Introverts: Why their time has come


I heard about this TED talk, and the first thought that came into my head was this (thanks to @shluthra) and I realised I didn’t have anything more to add!

I do have an anecdote, though, dating back to 2003 when @joannejacobs and me tried out a group blog for the first time with an MBA class (we published a paper on the subject in AJET the following year). In this class, one individual developed quite a following because of the high quality of their posts. The person in question had a Chinese name and I’m ashamed to say that — at this time — I did not know if they were male or female. It was quite a large class, and it only ran for six weeks, so I didn’t get to put a face to everybody’s name. At the end of the term, the mystery blogger — a mainland Chinese woman — stayed behind at the end of the last class to personally thank me for allowing her to participate! She was a very intelligent individual who had not been game enough enter into the verbal jousting with the group of extrovert Australian males that had tended to dominate proceeedings during in-class discussions.

The lesson I learnt from this is that, online, everyone has an equally loud voice. Importantly, people get to contribute who might otherwise not, and others in the group benefit considerably from their insights.

Blogs vs discussion boards

When attempting to articulate the virtues of edublogs today, someone asked how they offered anything different from discussion boards. Fumbling for a response, I observed that the learner has much more control than they do in a linear, pre-determined discussion thread.

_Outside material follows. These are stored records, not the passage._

Lemma eigenvalue_gt0 x : lam != 0 -> f x != 0 -> 0 < lam.
Proof.
move=> lam0 fx0; have S_gt0 := eigen_sum_deg_normr_powR_gt0 lam0 fx0.
rewrite lt_def lam0 -(pmulr_lge0 _ S_gt0) -eigen_sum_deg_Gam.
by apply: sumr_ge0 => y _; rewrite mulr_ge0 ?deg_ge0 ?Gam_ge0.
Qed.

End Eigenfunction.

Lemma vol_gt0 x : 0 < d x -> 0 < vol R adj.
Proof.
by move=> dx0; rewrite /vol (bigD1 x) //= ltr_pwDl // sumr_ge0.
Qed.

Lemma eigenvalue_ge_of_CD_ineq (p K N lam : R) (f : V -> R) :
  2 <= p -> 1 < N -> 0 < K -> (forall x, CD_ineq p K N f x) ->
  (exists x, f x != 0) -> (forall x, - plap adj sigma p f x = lam * ppow p (f x)) ->
  lam != 0 ->
  (vol R adj)^-1 `^ ((p - 2) / 2) * (N * K / (N - 1)) `^ (p / 2) <= lam.
Proof.
move=> p2 N1 K0 CD [x0 fx0] f_eigen lam0.
have p_gt0 : 0 < p by apply: lt_le_trans p2.
have p0 := lt0r_neq0 p_gt0.
have S_gt0 := eigen_sum_deg_normr_powR_gt0 f_eigen lam0 fx0.
have vol_gt0 := vol_gt0 (eigen_deg_gt0 f_eigen lam0 fx0).
have lam_gt0 := eigenvalue_gt0 p0 f_eigen lam0 fx0.
apply: (lower_bound_of_summed_CD p2 N1 K0 vol_gt0 lam_gt0 S_gt0).
have q_ge1 : 1 <= (2 * p - 2) / p by rewrite ler_pdivlMr // mul1r; lra.
have jensen := powR_mean_le q_ge1 deg_ge0 (Gam_ge0 p f) vol_gt0.
rewrite -/(vol R adj) (eigen_sum_deg_Gam p0 f_eigen) in jensen.
apply: le_trans (ler_wpM2l (ltW K0) jensen) _.
apply: le_trans (sum_deg_CD_ineq CD) _.
rewrite (eigen_sum_deg_sqr_plap p0 f_eigen) ler_wpM2l ?ler_wpM2l ?sqr_ge0 ?sum_deg_powR_le //.
by rewrite subr_ge0 invf_le1 ?ltW // (lt_trans ltr01).
Qed.

End SignedGraph.

Unset Implicit Arguments.

Theorem theorem4p10 (R : realType) (V : finType) (adj : rel V)
    (sigma : V -> V -> R) (p K N : R) :
  simple_connected_graph adj -> signature adj sigma ->
  2 <= p -> 1 < N -> 0 < K ->
  CDp adj sigma p K N ->
  forall lam : R, is_eigenvalue adj sigma p lam -> lam != 0 ->
    (vol R adj)^-1 `^ ((p - 2) / 2) * (N * K / (N - 1)) `^ (p / 2) <= lam.
Proof.
move=> [adj_sym [adj_irr _]] sigmaP p2 N1 K0 CD lam [f [f_nz f_eigen]] lam0.
apply: (eigenvalue_ge_of_CD_ineq adj_sym sigmaP p2 N1 K0 _ f_nz f_eigen lam0).
exact (CD_ineq_of_CDp adj_irr p2 CD f).
Qed.
(* Let $g,h\in G(\Gamma)$ and $d=|h^{-1}g|_r$. Then every syllable of (a reduced word for) $h^{-1}g$ is either a syllable from the $d$-tail of $g$, or the inverse of a syllable from the $d$-tail of $h$, or a product $h_i^{-1}g_j$ of a syllable $h_i$ of the $d$-tail of $h$ and a syllable $g_j$ of the $d$-tail of $g$ lying in the same vertex group.
   Context: $G(\Gamma)$ is the graph product of groups $\{G_v\}_{v\in\Gamma}$ over a finite simplicial graph $\Gamma$. Reduced words are words $(g_1,\dots,g_n)$, $g_i\in G_{v_i}$, that cannot be shortened by swapping consecutive syllables from adjacent vertex groups, merging consecutive syllables from the same vertex group, or deleting identity syllables; reduced words for the same element differ by such swaps and have the same multiset of syllables; $|g|_r$ is the length of a reduced word for $g$. The $d$-tail of $g\in G(\Gamma)$ is the set of syllables of $g$ which occur among the last $d$ syllables of some reduced word representing $g$. *)

From Stdlib Require Import Relations.
From Stdlib Require List.
From mathcomp Require Import all_boot.
Set Implicit Arguments. Unset Strict Implicit. Unset Printing Implicit Defensive.

Record grp := Grp {
  gcar :> Type;
  gmul : gcar -> gcar -> gcar;
  ginv : gcar -> gcar;
  gone : gcar;
  gmulA : forall x y z, gmul x (gmul y z) = gmul (gmul x y) z;
  gmul1 : forall x, gmul gone x = x;
  gmulV : forall x, gmul (ginv x) x = gone
}.

Section GraphProduct.
(* Finite simplicial graph Gamma: vertex set V (finite), adjacency e
   (symmetry/irreflexivity are hypotheses of the main theorem). *)
Variables (V : finType) (e : rel V) (G : V -> grp).

Definition syll := {v : V & G v}.
Definition word := seq syll.

Definition syll_inv (s : syll) : syll :=
  existT _ (projT1 s) (ginv (projT2 s)).

Definition word_inv (w : word) : word := rev (map syll_inv w).

Inductive swap_move : word -> word -> Prop :=
| SwapM (u w : word) (v1 v2 : V) (a : G v1) (b : G v2) :
    e v1 v2 ->
    swap_move (u ++ existT _ v1 a :: existT _ v2 b :: w)
              (u ++ existT _ v2 b :: existT _ v1 a :: w).

Inductive merge_move : word -> word -> Prop :=
| MergeM (u w : word) (v : V) (a b : G v) :
    merge_move (u ++ existT _ v a :: existT _ v b :: w)
               (u ++ existT _ v (gmul a b) :: w).

Inductive delete_move : word -> word -> Prop :=
| DeleteM (u w : word) (v : V) :
    delete_move (u ++ existT _ v (gone (G v)) :: w) (u ++ w).

Definition move (w1 w2 : word) : Prop :=
  swap_move w1 w2 \/ merge_move w1 w2 \/ delete_move w1 w2.

(* Two words represent the same element of the graph product G(Gamma)
   iff they are related by the equivalence closure of the moves
   (this is the standard presentation of G(Gamma) on syllables). *)
Definition wequiv : word -> word -> Prop := clos_refl_sym_trans word move.

Definition reduced (w : word) : Prop :=
  forall w', clos_refl_trans word move w w' -> size w <= size w'.

Definition reduced_for (g r : word) : Prop := reduced r /\ wequiv r g.

Definition tail (d : nat) (g : word) (s : syll) : Prop :=
  exists r, reduced_for g r /\ List.In s (drop (size r - d) r).

End GraphProduct.

From Stdlib Require Import Relations ClassicalEpsilon.
From Stdlib Require List.
From mathcomp Require Import all_boot zify.
Set Implicit Arguments. Unset Strict Implicit. Unset Printing Implicit Defensive.

(* A syllable [s] acts on a reduced word by sliding past the syllables of
   adjacent vertex groups and merging with the first syllable of its own vertex
   group, or by staying in front if it gets blocked.  Up to swaps, this action is
   compatible with all moves, so reduced words are exactly the fixed points of
   the resulting normal form, and reduced words for the same element differ by
   swaps only.
   Letting the inverse of a reduced [h] act on a reduced [g], one syllable at a
   time, preserves the following shape: up to swaps [g = x P y], [h = x Q z] and
   [h^-1 g = z^-1 (Q^-1 P) y], where [P_i] and [Q_i] lie in the same vertex
   group and these vertex groups are pairwise adjacent.  The reduced word for
   [h^-1 g] thus has length [d = |z| + |P| + |y|], so [Q z] and [P y] are
   suffixes of length at most [d] of reduced words for [h] and [g]. *)

Section GroupLemmas.
Variable Gr : grp.
Local Notation "x * y" := (gmul x y).
Local Notation "1" := (gone Gr).

Lemma gmulxV (x : Gr) : x * ginv x = 1.
Proof.
have -> : x * ginv x = (ginv (ginv x) * ginv x) * (x * ginv x) by rewrite gmulV gmul1.
by rewrite -gmulA (gmulA (ginv x)) gmulV gmul1 gmulV.
Qed.

Lemma gmulx1 (x : Gr) : x * 1 = x.
Proof. by rewrite -(gmulV x) gmulA gmulxV gmul1. Qed.

Lemma ginv_uniq (y z : Gr) : y * z = 1 -> y = ginv z.
Proof. by move=> yz1; rewrite -(gmulx1 y) -(gmulxV z) gmulA yz1 gmul1. Qed.

Lemma ginvK (x : Gr) : ginv (ginv x) = x.
Proof. by symmetry; apply: ginv_uniq; rewrite gmulxV. Qed.

Lemma ginvM (x y : Gr) : ginv (x * y) = ginv y * ginv x.
Proof.
by symmetry; apply: ginv_uniq; rewrite -gmulA (gmulA (ginv x)) gmulV gmul1 gmulV.
Qed.

Lemma ginv1 : ginv 1 = 1.
Proof. by symmetry; apply: ginv_uniq; rewrite gmul1. Qed.

Lemma ginv_eq1 (x : Gr) : ginv x = 1 -> x = 1.
Proof. by move=> x'1; rewrite -(ginvK x) x'1 ginv1. Qed.

Lemma gmulV_eq1 (a b : Gr) : ginv a * b = 1 -> b = a.
Proof. by move=> /ginv_uniq ab; rewrite -(ginvK b) -ab ginvK. Qed.

End GroupLemmas.

Lemma map_eq_cat_cons (A B : Type) (f : A -> B) (s : seq A) b1 y b2 :
  map f s = b1 ++ y :: b2 ->
  exists s1 x s2, [/\ s = s1 ++ x :: s2, b1 = map f s1, y = f x & b2 = map f s2].
Proof.
elim: b1 s => [|b b1 IHb] [|x s] //= [xb fs]; first by exists [::], x, s.
have [s1 [x' [s2 [-> -> -> ->]]]] := IHb _ fs.
by exists (x :: s1), x', s2; rewrite -xb.
Qed.

Section GraphProductWords.
Variables (V : finType) (e : rel V) (G : V -> grp).
Hypotheses (e_sym : symmetric e) (e_irr : irreflexive e).

Local Notation syl := (syll G).
Local Notation wrd := (word G).
Definition swaps : wrd -> wrd -> Prop := clos_refl_trans wrd (@swap_move V e G).
Definition moves : wrd -> wrd -> Prop := clos_refl_trans wrd (@move V e G).

Definition svert (s : syl) : V := projT1 s.

Definition syll_trivial (s : syl) : Prop := projT2 s = gone (G (projT1 s)).

Definition syll_trivialb (s : syl) : bool :=
  if excluded_middle_informative (syll_trivial s) then true else false.

Lemma syll_trivialP s : reflect (syll_trivial s) (syll_trivialb s).
Proof. by rewrite /syll_trivialb; case: excluded_middle_informative; constructor. Qed.

(* Junk value: when [t] is not in the vertex group of [s], the result is [s]. *)
Definition syll_mul (s t : syl) : syl :=
  let: existT v a := s in let: existT u b := t in
  match u =P v with
  | ReflectT uv => existT _ v (gmul a (eq_rect u (fun w => G w) b v uv))
  | ReflectF _ => existT _ v a
  end.

Lemma syll_mulE v (a b : G v) :
  syll_mul (existT _ v a) (existT _ v b) = existT _ v (gmul a b).
Proof. by rewrite /syll_mul; case: eqP => // vv; rewrite (eq_irrelevance vv erefl). Qed.

Lemma svert_syll_mul s t : svert (syll_mul s t) = svert s.
Proof. by case: s => v a; case: t => u b /=; case: eqP. Qed.

Definition merge_syll (s t : syl) : wrd :=
  if syll_trivialb (syll_mul s t) then [::] else [:: syll_mul s t].

Lemma merge_syll_cases s t : merge_syll s t = [::] \/
  merge_syll s t = [:: syll_mul s t] /\ ~ syll_trivial (syll_mul s t).
Proof. by rewrite /merge_syll; case: syll_trivialP; auto. Qed.

Lemma merge_syll_trivial v (a b : G v) : gmul a b = gone _ ->
  merge_syll (existT _ v a) (existT _ v b) = [::].
Proof. by rewrite /merge_syll syll_mulE; case: syll_trivialP. Qed.

Lemma merge_syll_nontrivial v (a b : G v) : gmul a b <> gone _ ->
  merge_syll (existT _ v a) (existT _ v b) = [:: existT _ v (gmul a b)].
Proof. by rewrite /merge_syll syll_mulE; case: syll_trivialP. Qed.

Lemma merge_syllA v (a b c : G v) :
  merge_syll (existT _ v a) (existT _ v (gmul b c)) =
  merge_syll (existT _ v (gmul a b)) (existT _ v c).
Proof. by rewrite /merge_syll !syll_mulE gmulA. Qed.

Lemma size_merge_syll s t : size (merge_syll s t) <= 1.
Proof. by case: (merge_syll_cases s t) => [->|[-> _]]. Qed.

Lemma svert_inv (s : syl) : svert (syll_inv s) = svert s.
Proof. by case: s. Qed.

Lemma syll_invK (s : syl) : syll_inv (syll_inv s) = s.
Proof. by case: s => v a; rewrite /syll_inv /= ginvK. Qed.

Lemma syll_trivial_inv (s : syl) : ~ syll_trivial s -> ~ syll_trivial (syll_inv s).
Proof. by case: s => v a; rewrite /syll_trivial /= => a1 /ginv_eq1. Qed.

Lemma word_inv_cat (a b : wrd) : word_inv (a ++ b) = word_inv b ++ word_inv a.
Proof. by rewrite /word_inv map_cat rev_cat. Qed.

Lemma word_inv_cons (s : syl) (w : wrd) : word_inv (s :: w) = word_inv w ++ [:: syll_inv s].
Proof. by rewrite /word_inv /= rev_cons cats1. Qed.

Lemma size_word_inv (w : wrd) : size (word_inv w) = size w.
Proof. by rewrite size_rev size_map. Qed.

Lemma word_invK (w : wrd) : word_inv (word_inv w) = w.
Proof. by rewrite /word_inv map_rev revK -map_comp (eq_map syll_invK) map_id. Qed.

Lemma In_word_inv (s : syl) (w : wrd) :
  List.In s (word_inv w) -> exists2 t, List.In t w & s = syll_inv t.
Proof.
rewrite /word_inv => sw.
have /List.in_map_iff [t [<- wt]] : List.In s (map (@syll_inv V G) w).
  by apply/List.in_rev; rewrite List.rev_alt.
by exists t.
Qed.

Definition all_adjacent (v : V) (w : wrd) : bool := all (fun t => e v (svert t)) w.

Lemma all_adjacent_cat v a b :
  all_adjacent v (a ++ b) = all_adjacent v a && all_adjacent v b.
Proof. exact: all_cat. Qed.

Lemma all_adjacent_inv v (w : wrd) : all_adjacent v (word_inv w) = all_adjacent v w.
Proof. by rewrite /all_adjacent /word_inv all_rev all_map; apply: eq_all; case. Qed.

Lemma all_adjacent_merge_syll v s t : e v (svert s) -> all_adjacent v (merge_syll s t).
Proof.
by case: (merge_syll_cases s t) => [->|[-> _]] //=; rewrite svert_syll_mul => ->.
Qed.

Lemma adjacent_svert_neq s t : e (svert s) (svert t) -> svert t != svert s.
Proof. by apply: contraTneq => ->; rewrite e_irr. Qed.

Lemma swap_move_adj (s t : syl) u w :
  e (svert s) (svert t) -> swap_move e (u ++ s :: t :: w) (u ++ t :: s :: w).
Proof. by case: s => v1 a; case: t => v2 b; apply: SwapM. Qed.

Lemma swap_move_sym (a b : wrd) : swap_move e a b -> swap_move e b a.
Proof. by case=> u w v1 v2 x y vv; apply: SwapM; rewrite e_sym. Qed.

Lemma swaps_sym a b : swaps a b -> swaps b a.
Proof.
elim=> [x y /swap_move_sym xy|x|x y z _ yx _ zy]; first exact: rt_step.
  exact: rt_refl.
exact: rt_trans zy yx.
Qed.

Lemma swaps_catl c a b : swaps a b -> swaps (c ++ a) (c ++ b).
Proof.
elim=> [x y [u w v1 v2 p q vv]|x|x y z _ xy _ yz]; last exact: rt_trans xy yz.
  by apply: rt_step; rewrite !catA; apply: SwapM.
exact: rt_refl.
Qed.

Lemma swaps_catr c a b : swaps a b -> swaps (a ++ c) (b ++ c).
Proof.
elim=> [x y [u w v1 v2 p q vv]|x|x y z _ xy _ yz]; last exact: rt_trans xy yz.
  by apply: rt_step; rewrite -!catA; apply: SwapM.
exact: rt_refl.
Qed.

Lemma swaps_cons s a b : swaps a b -> swaps (s :: a) (s :: b).
Proof. exact: (swaps_catl [:: s]). Qed.

Lemma size_swaps a b : swaps a b -> size a = size b.
Proof.
elim=> [x y [u w v1 v2 p q _]|x|x y z _ -> _ ->] //.
by rewrite !size_cat.
Qed.

Lemma swaps_In a b s : swaps a b -> List.In s a -> List.In s b.
Proof.
elim=> [x y [u w v1 v2 p q _]|x|x y z _ xy _ yz] //; last by auto.
rewrite !List.in_app_iff /=; tauto.
Qed.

An article published in 2004 by James Farmer provides a more erudite explanation, part of which is reproduced below:

‘While discussion boards can be placed alongside content in packaged courses and with limited opportunities to use the technology in ways unforseen by the designer, a weblog is essentially free-form and there is little, besides providing templates, guidelines and facilitating the group as a whole that the teacher can do to actively impact on the technical structure of their experience. … [T]his is not to say that an anarchistic structure is appropriate but rather to suggest that one of the key attributes of weblogs is that they have within them “incorporated subversion” (Squires 1999) which allows learners to express themselves and explore their context in ways independent of the original designers intentions.’

Thus, educators might design not with constraint in mind, but with freedom and flexibility in mind … ‘this emphasises the active and purposeful role of learners in configuring learning environments to resonate with their own needs …’ (Squires 1999 p. 1).